Dataset entries
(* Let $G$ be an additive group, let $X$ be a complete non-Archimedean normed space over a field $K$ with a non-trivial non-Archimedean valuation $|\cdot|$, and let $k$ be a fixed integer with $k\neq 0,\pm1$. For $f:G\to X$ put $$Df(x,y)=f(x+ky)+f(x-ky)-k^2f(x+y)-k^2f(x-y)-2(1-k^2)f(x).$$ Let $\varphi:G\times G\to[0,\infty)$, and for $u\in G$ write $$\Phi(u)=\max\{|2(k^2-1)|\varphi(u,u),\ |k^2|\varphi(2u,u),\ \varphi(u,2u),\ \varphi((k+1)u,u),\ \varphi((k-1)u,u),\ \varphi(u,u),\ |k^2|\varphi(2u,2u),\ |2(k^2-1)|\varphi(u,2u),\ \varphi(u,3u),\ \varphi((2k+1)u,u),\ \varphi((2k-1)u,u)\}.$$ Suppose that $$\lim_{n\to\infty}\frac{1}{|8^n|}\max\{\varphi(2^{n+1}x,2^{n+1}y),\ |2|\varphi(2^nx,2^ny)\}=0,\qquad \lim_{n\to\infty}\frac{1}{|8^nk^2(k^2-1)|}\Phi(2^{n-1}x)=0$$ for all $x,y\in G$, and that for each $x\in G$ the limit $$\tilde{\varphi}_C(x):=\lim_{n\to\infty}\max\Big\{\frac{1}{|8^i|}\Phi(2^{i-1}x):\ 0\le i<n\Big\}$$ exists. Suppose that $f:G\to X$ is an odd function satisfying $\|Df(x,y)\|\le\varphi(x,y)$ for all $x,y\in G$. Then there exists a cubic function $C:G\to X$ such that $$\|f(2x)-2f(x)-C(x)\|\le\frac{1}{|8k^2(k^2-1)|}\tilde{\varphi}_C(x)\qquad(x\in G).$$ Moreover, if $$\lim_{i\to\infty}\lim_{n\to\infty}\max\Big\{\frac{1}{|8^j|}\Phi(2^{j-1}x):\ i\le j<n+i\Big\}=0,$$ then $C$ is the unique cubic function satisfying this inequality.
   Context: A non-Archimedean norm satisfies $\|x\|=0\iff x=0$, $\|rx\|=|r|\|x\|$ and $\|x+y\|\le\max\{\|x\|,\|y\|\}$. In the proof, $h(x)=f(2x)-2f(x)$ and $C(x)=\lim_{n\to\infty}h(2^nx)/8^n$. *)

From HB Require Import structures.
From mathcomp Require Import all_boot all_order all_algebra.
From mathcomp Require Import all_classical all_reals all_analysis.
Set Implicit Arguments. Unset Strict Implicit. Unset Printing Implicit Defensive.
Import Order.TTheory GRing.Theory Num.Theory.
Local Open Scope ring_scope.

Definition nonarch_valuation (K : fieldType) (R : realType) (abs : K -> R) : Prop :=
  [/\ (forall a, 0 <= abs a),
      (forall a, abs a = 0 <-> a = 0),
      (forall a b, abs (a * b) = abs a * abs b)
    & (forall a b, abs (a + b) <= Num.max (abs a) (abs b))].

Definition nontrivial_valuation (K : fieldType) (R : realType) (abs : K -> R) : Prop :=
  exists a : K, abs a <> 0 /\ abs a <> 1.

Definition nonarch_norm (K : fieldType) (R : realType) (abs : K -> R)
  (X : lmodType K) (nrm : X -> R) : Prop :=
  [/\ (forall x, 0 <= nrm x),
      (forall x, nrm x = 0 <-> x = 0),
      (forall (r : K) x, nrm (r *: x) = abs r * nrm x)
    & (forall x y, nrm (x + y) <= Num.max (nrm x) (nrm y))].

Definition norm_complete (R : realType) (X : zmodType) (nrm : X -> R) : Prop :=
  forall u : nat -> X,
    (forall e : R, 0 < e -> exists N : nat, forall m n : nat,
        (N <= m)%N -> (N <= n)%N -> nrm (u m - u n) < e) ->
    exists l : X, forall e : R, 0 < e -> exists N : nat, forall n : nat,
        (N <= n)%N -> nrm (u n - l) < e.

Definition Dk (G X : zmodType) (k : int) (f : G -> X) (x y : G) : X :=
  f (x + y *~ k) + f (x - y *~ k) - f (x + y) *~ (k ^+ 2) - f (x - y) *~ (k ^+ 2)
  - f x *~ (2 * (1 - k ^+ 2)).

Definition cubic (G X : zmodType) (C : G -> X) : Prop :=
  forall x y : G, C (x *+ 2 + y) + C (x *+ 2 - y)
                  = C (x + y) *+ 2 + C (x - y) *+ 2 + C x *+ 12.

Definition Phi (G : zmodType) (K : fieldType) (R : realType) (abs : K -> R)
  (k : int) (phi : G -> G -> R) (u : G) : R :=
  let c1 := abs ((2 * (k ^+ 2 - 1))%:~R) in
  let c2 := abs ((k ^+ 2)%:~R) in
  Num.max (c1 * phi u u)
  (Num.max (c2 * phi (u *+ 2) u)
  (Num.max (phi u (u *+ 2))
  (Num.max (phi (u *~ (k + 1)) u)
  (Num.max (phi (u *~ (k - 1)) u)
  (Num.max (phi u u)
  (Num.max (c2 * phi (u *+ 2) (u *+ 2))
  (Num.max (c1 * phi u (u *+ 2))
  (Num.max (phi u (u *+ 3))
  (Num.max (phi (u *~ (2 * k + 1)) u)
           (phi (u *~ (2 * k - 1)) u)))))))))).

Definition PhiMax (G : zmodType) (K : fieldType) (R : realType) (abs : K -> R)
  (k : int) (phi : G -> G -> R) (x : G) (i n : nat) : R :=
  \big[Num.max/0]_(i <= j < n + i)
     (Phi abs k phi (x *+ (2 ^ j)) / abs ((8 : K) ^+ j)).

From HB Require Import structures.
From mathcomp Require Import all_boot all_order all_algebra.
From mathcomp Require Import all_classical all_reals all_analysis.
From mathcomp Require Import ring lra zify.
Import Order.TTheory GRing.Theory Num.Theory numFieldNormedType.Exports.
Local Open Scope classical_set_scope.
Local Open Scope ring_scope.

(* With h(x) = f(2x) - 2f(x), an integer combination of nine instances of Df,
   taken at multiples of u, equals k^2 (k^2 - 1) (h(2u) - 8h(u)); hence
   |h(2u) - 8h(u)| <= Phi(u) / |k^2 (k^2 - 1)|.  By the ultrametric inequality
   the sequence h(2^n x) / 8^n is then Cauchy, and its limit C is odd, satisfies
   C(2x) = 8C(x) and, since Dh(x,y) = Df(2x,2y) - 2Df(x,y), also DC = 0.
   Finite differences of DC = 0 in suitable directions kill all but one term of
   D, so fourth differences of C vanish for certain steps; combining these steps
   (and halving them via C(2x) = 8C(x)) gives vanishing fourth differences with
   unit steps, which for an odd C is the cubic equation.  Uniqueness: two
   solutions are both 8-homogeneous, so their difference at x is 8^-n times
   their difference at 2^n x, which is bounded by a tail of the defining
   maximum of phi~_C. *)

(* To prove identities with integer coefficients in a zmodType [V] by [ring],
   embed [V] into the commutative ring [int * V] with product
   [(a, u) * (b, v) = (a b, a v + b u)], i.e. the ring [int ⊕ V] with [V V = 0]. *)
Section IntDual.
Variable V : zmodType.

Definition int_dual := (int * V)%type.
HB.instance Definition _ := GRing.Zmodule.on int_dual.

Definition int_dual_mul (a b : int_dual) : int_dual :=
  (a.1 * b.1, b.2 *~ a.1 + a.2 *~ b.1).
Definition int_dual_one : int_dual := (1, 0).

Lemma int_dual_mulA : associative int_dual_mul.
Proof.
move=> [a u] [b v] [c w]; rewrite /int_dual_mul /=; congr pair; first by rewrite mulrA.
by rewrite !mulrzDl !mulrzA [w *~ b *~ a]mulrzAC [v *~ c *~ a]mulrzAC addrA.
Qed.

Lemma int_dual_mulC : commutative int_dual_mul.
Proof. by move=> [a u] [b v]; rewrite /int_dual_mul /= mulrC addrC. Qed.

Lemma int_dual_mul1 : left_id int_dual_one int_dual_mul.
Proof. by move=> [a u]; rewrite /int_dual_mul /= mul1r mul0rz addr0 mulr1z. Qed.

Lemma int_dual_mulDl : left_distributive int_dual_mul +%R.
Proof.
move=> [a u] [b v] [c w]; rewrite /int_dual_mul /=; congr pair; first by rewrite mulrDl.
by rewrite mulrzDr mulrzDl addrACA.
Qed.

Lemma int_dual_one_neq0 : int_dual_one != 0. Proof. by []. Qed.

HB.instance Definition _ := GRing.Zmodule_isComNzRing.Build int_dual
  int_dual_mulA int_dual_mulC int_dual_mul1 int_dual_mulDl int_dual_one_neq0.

YOUR OBJECTIVE
Could you reproduce exactly the lines of the entries above, from the one with "Definition nonarch_norm (K" through the one with "(N <= n)%N -> nrm (u n - l) < e.", and nothing else?

FINAL ANSWER
Definition nonarch_norm (K : fieldType) (R : realType) (abs : K -> R)
  (X : lmodType K) (nrm : X -> R) : Prop :=
  [/\ (forall x, 0 <= nrm x),
      (forall x, nrm x = 0 <-> x = 0),
      (forall (r : K) x, nrm (r *: x) = abs r * nrm x)
    & (forall x y, nrm (x + y) <= Num.max (nrm x) (nrm y))].

Definition norm_complete (R : realType) (X : zmodType) (nrm : X -> R) : Prop :=
  forall u : nat -> X,
    (forall e : R, 0 < e -> exists N : nat, forall m n : nat,
        (N <= m)%N -> (N <= n)%N -> nrm (u m - u n) < e) ->
    exists l : X, forall e : R, 0 < e -> exists N : nat, forall n : nat,
        (N <= n)%N -> nrm (u n - l) < e.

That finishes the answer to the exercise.